*** Supplied data ***

(* Let $\mathcal G$ be a tree on $n\ge2$ nodes, with oriented incidence matrix $D_\tau\in\mathbb R^{n\times(n-1)}$, edge-weight matrix $W=\mathrm{diag}(w_1,\dots,w_{n-1})$, $w_l>0$, and time-scale matrix $E=\mathrm{diag}(\epsilon_1,\dots,\epsilon_n)$, $\epsilon_i>0$; let $L_{e,s}^\tau=D_\tau^TE^{-1}D_\tau$ and $\sigma_w,\sigma_v$ real scalars. Consider $$\tilde\Sigma_\tau(s)=\big(sI+L_{e,s}^\tau W\big)^{-1}\begin{bmatrix}\sigma_wD_\tau^TE^{-1/2} & -\sigma_vL_{e,s}^\tau W^{1/2}\end{bmatrix}.$$ Then $L\le\|\tilde\Sigma_\tau\|_\infty^2\le U$, where $L=\max\{L_1,L_2\}$ and $$L_1=\frac{\sigma_w^2+\sigma_v^2\lambda_{\min}(L_{e,s}^\tau)\lambda_{\max}(W^{1/2})^2}{\lambda_{\min}(L_{e,s}^\tau)\lambda_{\max}(W^{1/2})^4},$$ $$L_2=\frac{\sigma_w^2+\sigma_v^2\lambda_{\max}(L_{e,s}^\tau)\lambda_{\max}(W^{1/2})\lambda_{\min}(W^{1/2})}{\lambda_{\max}(L_{e,s}^\tau)\lambda_{\max}(W^{1/2})^3\lambda_{\min}(W^{1/2})},$$ $$U=\frac{\sigma_w^2+\sigma_v^2\lambda_{\min}(L_{e,s}^\tau)\lambda_{\min}(W^{1/2})^2}{\lambda_{\min}(L_{e,s}^\tau)\lambda_{\min}(W^{1/2})^4}.$$
   Context: The incidence matrix of a graph with an arbitrary orientation of each edge has entry $1$ in row $i$, column $l$ if node $i$ is the initial node of edge $l$, $-1$ if it is the terminal node, and $0$ otherwise. Powers of positive diagonal matrices are taken entrywise. $\lambda_{\max},\lambda_{\min}$ denote the largest and smallest eigenvalues of a symmetric matrix. For a stable transfer matrix $\Phi(s)$, $\|\Phi\|_\infty=\sup_{\omega\in\mathbb R}\bar\sigma(\Phi(j\omega))$ where $\bar\sigma$ is the largest singular value. *)

From HB Require Import structures.
From mathcomp Require Import all_boot all_order all_algebra.
From mathcomp Require Import classical_sets boolp reals.
From mathcomp Require Import Rstruct.
From mathcomp Require Import complex.
From Stdlib Require Import Reals.
Set Implicit Arguments. Unset Strict Implicit. Unset Printing Implicit Defensive.
Import Order.TTheory GRing.Theory Num.Theory.
Local Open Scope ring_scope.
Local Open Scope classical_set_scope.

Notation Rl := Rdefinitions.R.

Definition incidence (n m : nat) (src dst : 'I_m -> 'I_n) : 'M[Rl]_(n, m) :=
  \matrix_(i < n, l < m)
    (if i == src l then 1 else if i == dst l then -1 else 0).

Definition adj (n m : nat) (src dst : 'I_m -> 'I_n) : rel 'I_n :=
  fun i j => [exists l, ((src l == i) && (dst l == j)) || ((src l == j) && (dst l == i))].
Lemma gibbs_inequality2 (X Y : finType) (f g : X -> Y -> R) :
  (forall x y, 0 <= f x y) -> (forall x y, 0 <= g x y) ->
  (forall x y, f x y != 0 -> g x y != 0) ->
  \sum_x \sum_y g x y <= \sum_x \sum_y f x y ->
  0 <= \sum_x \sum_y f x y * ln (f x y / g x y).
Proof.
move=> f_ge0 g_ge0 fg; rewrite !pair_bigA => fg_sum.
by apply: (gibbs_inequality _ _ _ fg_sum) => -[x y];
  [apply: f_ge0 | apply: g_ge0 | apply: fg].
Qed.

Lemma sum_mul_ln_divff (T : finType) (f : T -> R) :
  \sum_t f t * ln (f t / f t) = 0.
Proof.
rewrite big1 // => t _.
by have [->|ft] := eqVneq (f t) 0; rewrite ?mul0r ?divff ?ln1 ?mulr0.
Qed.

End Gibbs.

Section FiniteDivergence.
Variable R : realType.
Implicit Types a b m : R.

Lemma xlogxy_fin a b : (a != 0 -> b != 0) -> xlogxy a b = (a * ln (a / b))%:E.
Proof.
by move=> ab; rewrite /xlogxy; have [->|/ab/negbTE->] := eqVneq a 0; rewrite ?mul0r.
Qed.

Lemma KL_fin (T : finType) (f g : T -> R) :
  (forall t, f t != 0 -> g t != 0) -> KL f g = (\sum_t f t * ln (f t / g t))%:E.
Proof.
by move=> fg; rewrite /KL -sumEFin; apply: eq_bigr => t _; exact/xlogxy_fin/fg.
Qed.

Lemma KL_pinfty (T : finType) (f g : T -> R) t :
  f t != 0 -> g t = 0 -> KL f g = +oo%E.
Proof.
move=> ft gt; apply/eqP; rewrite /KL esum_eqy => [|s _]; last first.
  by rewrite /xlogxy; case: ifP => //; case: ifP.
by apply/existsP; exists t; rewrite /xlogxy (negbTE ft) gt eqxx.
Qed.

Lemma qlog_fin a b m : (a != 0 -> b != 0) -> qlog a b m = (a * ln (b / m))%:E.
Proof.
by move=> ab; rewrite /qlog; have [->|/ab/negbTE->] := eqVneq a 0; rewrite ?mul0r.
Qed.

Lemma qlog_Ny a b m : a != 0 -> b = 0 -> qlog a b m = -oo%E.
Proof. by rewrite /qlog => /negbTE-> ->; rewrite eqxx. Qed.

End FiniteDivergence.

Section Marginals.
Variables (R : realType) (X Y : finType) (q : X -> Y -> R).
Hypothesis q_ge0 : forall x y, 0 <= q x y.

Lemma margX_ge0 x : 0 <= margX q x.
Proof. by rewrite sumr_ge0. Qed.

Lemma margY_ge0 y : 0 <= margY q y.
Proof. by rewrite sumr_ge0. Qed.

Let le_margX x y : q x y <= margX q x.
Proof. by rewrite /margX (bigD1 y) //= lerDl sumr_ge0. Qed.

Let le_margY x y : q x y <= margY q y.
Proof. by rewrite /margY (bigD1 x) //= lerDl sumr_ge0. Qed.

Lemma margX_gt0 x y : q x y != 0 -> 0 < margX q x.
Proof. by move=> qxy; rewrite (lt_le_trans _ (le_margX x y)) // lt0r qxy q_ge0. Qed.

Lemma margY_gt0 x y : q x y != 0 -> 0 < margY q y.
Proof. by move=> qxy; rewrite (lt_le_trans _ (le_margY x y)) // lt0r qxy q_ge0. Qed.

Lemma sum_margY : \sum_y margY q y = \sum_x \sum_y q x y.
Proof. exact: exchange_big. Qed.

End Marginals.

Lemma margX_dist (R : realType) (X Y : finType) (q : X -> Y -> R) :
  is_joint q -> is_dist (margX q).
Proof. by case=> q_ge0 q1; split=> // x; apply: margX_ge0. Qed.

Section LPFunctional.
Variables (R : realType) (X Y : finType) (alpha : R) (W : X -> Y -> R).
Hypothesis alpha_gt1 : 1 < alpha.
Local Notation c := (alpha / (1 - alpha)).

Lemma LP_coef_lt0 : c < 0.
Proof. by rewrite pmulr_rlt0 ?invr_lt0 ?subr_lt0 // (lt_trans ltr01). Qed.

Definition LP_admissible (pX : X -> R) (q : X -> Y -> R) (r : Y -> X -> R) : Prop :=
  [/\ forall x y, q x y != 0 -> W x y != 0,
      forall x y, q x y != 0 -> r y x != 0 &
      forall x, margX q x != 0 -> pX x != 0].

Definition F_LPr (pX : X -> R) (q : X -> Y -> R) (r : Y -> X -> R) : R :=
  c * (\sum_x \sum_y q x y * ln (q x y / (margX q x * W x y)))
  + \sum_x \sum_y q x y * ln (r y x / margX q x)
  + c * \sum_x margX q x * ln (margX q x / pX x).

Lemma F_LP_admissible pX (q : X -> Y -> R) r : (forall x y, 0 <= q x y) ->
  LP_admissible pX q r -> F_LP alpha W pX q r = (F_LPr pX q r)%:E.
Proof.
move=> q_ge0 [qW qr qp]; rewrite /F_LP /F_LPr !KL_fin //; last first.
  by move=> [x y] /= qxy; rewrite mulf_neq0 ?qW // gt_eqF // (margX_gt0 q_ge0 qxy).
rewrite !EFinD !EFinM; congr (_ + _ + _)%E; first by rewrite pair_bigA.
rewrite -sumEFin; apply: eq_bigr => x _; rewrite -sumEFin.
by apply: eq_bigr => y _; exact/qlog_fin/qr.
Qed.

Lemma F_LP_inadmissible pX (q : X -> Y -> R) r : (forall x y, 0 <= q x y) ->
  ~ LP_admissible pX q r -> F_LP alpha W pX q r = -oo%E.
Proof.
move=> q_ge0 not_adm; have c_lt0 := LP_coef_lt0.
have [qW|/existsNP[x /existsNP[y /not_implyP[qxy /negP/negbNE/eqP Wxy]]]] :=
  pselect (forall x y, q x y != 0 -> W x y != 0); last first.
  by rewrite /F_LP (@KL_pinfty _ _ _ _ (x, y)) /= ?Wxy ?mulr0 // lt0_muley.
have [qr|/existsNP[x /existsNP[y /not_implyP[qxy /negP/negbNE/eqP rxy]]]] :=
  pselect (forall x y, q x y != 0 -> r y x != 0); last first.
  have sum_Ny : (\sum_x \sum_y qlog (q x y) (r y x) (margX q x) = -oo)%E.
    apply/eqP; rewrite esum_eqNy; apply/existsP; exists x; rewrite /=.
    by rewrite esum_eqNy; apply/existsP; exists y; rewrite /= (qlog_Ny _ qxy rxy).
  by rewrite /F_LP sum_Ny addeNy addNye.
have [qp|/existsNP[x /not_implyP[qx /negP/negbNE/eqP px]]] :=
  pselect (forall x, margX q x != 0 -> pX x != 0); last first.
  by rewrite /F_LP (KL_pinfty qx px) lt0_muley // addeNy.
by case: not_adm; split.
Qed.

Lemma le_F_LP pX (q : X -> Y -> R) r z : (forall x y, 0 <= q x y) ->
  (LP_admissible pX q r -> (F_LP alpha W pX q r <= z)%E) ->
  (F_LP alpha W pX q r <= z)%E.
Proof.
move=> q_ge0 adm_le; have [/adm_le//|not_adm] := pselect (LP_admissible pX q r).
by rewrite F_LP_inadmissible ?leNye.
Qed.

*** End of Supplied data ***

- [Exercise details] Copy each line from the entries above that has the word "Notation" in it.

- [Result below]
Notation Rl := Rdefinitions.R.
Local Notation c := (alpha / (1 - alpha)).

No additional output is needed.